I’ve never felt that my films are very important in terms of the History of Cinema. They offer a little detour from such grand concepts. They appeal primarily to people who enjoy looking at nature, or who enjoy having a moment to study something that’s not fraught with information. The experience of my films is a little like daydreaming. It’s about taking the time to just sit down and look at things, which I don’t think is a very Western preoccupation. A lot of influences on me when I was younger were more Eastern. They suggested a contemplative way of looking – whether at painting, sculpture, architecture, or just a landscape – where the more time you spend actually looking at things, the more they reveal themselves in ways that you don’t expect.
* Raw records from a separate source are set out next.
Lemma ev11_mono a b : ev11 (mono a b) = 1.
Proof. by rewrite /ev11 setV1_mono hornerXn expr1n. Qed.

Lemma F2_add11 : (1 + 1 : F2) = 0.
Proof. by apply/eqP. Qed.

Lemma sumr_mulrn_pred1 (X : finType) (V : zmodType) (a : X) (v : V) :
  \sum_y v *+ (y == a) = v.
Proof.
rewrite (bigD1 a) //= eqxx mulr1n big1 ?addr0 // => y /negPf->.
by rewrite mulr0n.
Qed.

Lemma toK_inj : injective toK.
Proof. by move=> x y /eqP; rewrite /toK tofrac_eq => /eqP. Qed.

(** * Maps given by coefficient matrices *)

Section MatrixAction.
Variables (S : comNzRingType) (h : {rmorphism R -> S}).

Definition act (X Y : finType) (phi : X -> Y -> R) (v : X -> S) : Y -> S :=
  fun y => \sum_x v x * h (phi x y).

Lemma eq_act (X Y : finType) (phi : X -> Y -> R) v w :
  v =1 w -> act phi v =1 act phi w.
Proof. by move=> e y; apply: eq_bigr => x _; rewrite e. Qed.

Lemma act0 (X Y : finType) (phi : X -> Y -> R) : act phi (fun=> 0) =1 (fun=> 0).
Proof. by move=> y; apply: big1 => x _; rewrite mul0r. Qed.

Lemma act_delta (X Y : finType) (phi : X -> Y -> R) a :
  act phi (fun x => (x == a)%:R) =1 (fun y => h (phi a y)).
Proof.
move=> y; rewrite /act (bigD1 a) //= eqxx mul1r big1 ?addr0 // => x /negPf->.
by rewrite mul0r.
Qed.

Lemma actZ (X Y : finType) (phi : X -> Y -> R) c v :
  act phi (fun x => c * v x) =1 (fun y => c * act phi v y).
Proof. by move=> y; rewrite /act mulr_sumr; apply: eq_bigr => x _; rewrite mulrA. Qed.

Lemma actB (X Y : finType) (phi : X -> Y -> R) v w :
  act phi (fun x => v x - w x) =1 (fun y => act phi v y - act phi w y).
Proof. by move=> y; rewrite /act -sumrB; apply: eq_bigr => x _; rewrite mulrBl. Qed.

Lemma actD (X Y : finType) (phi : X -> Y -> R) v w :
  act phi (fun x => v x + w x) =1 (fun y => act phi v y + act phi w y).
Proof. by move=> y; rewrite /act -big_split; apply: eq_bigr => x _; rewrite mulrDl. Qed.

Lemma act_comp (X Y Z : finType) (phi : X -> Y -> R) (psi : Y -> Z -> R) v :
  act psi (act phi v) =1 act (mcomp phi psi) v.
Proof.
move=> z; rewrite /act /mcomp.
under eq_bigr => y _ do rewrite mulr_suml.
rewrite exchange_big; apply: eq_bigr => x _.
by rewrite rmorph_sum mulr_sumr; apply: eq_bigr => y _; rewrite rmorphM mulrA.
Qed.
For the most part, people don’t allow themselves the time or the circumstances to get into a relationship with the world that provides freedom to actually look at things. There’s always an overriding design or mission behind their negotiation with life. I think when you have the occasion to step away from agendas – whether it’s through circumstance or out of some kind of emotional necessity – then you’re often struck by the incredible epiphanies of nature. These are often very subtle things, right at the edge of most people’s sensibilities. My films try to record and to offer some of these experiences.”

Source: Peter Hutton: The Filmmaker as Luminist

Peter Hutton’s At Sea was voted #1 of the best 50 avant-garde films made during 2000-2009.

Update 16th July: I have learned that Peter Hutton died on 25th June 2016. I didn’t know him personally but I did correspond with him in 1999 for a screening I organised of two of his films. Of all the work I screened around that time, his was the most influential on me and inspired a lot of the silent footage that went into a film I made a year or so later.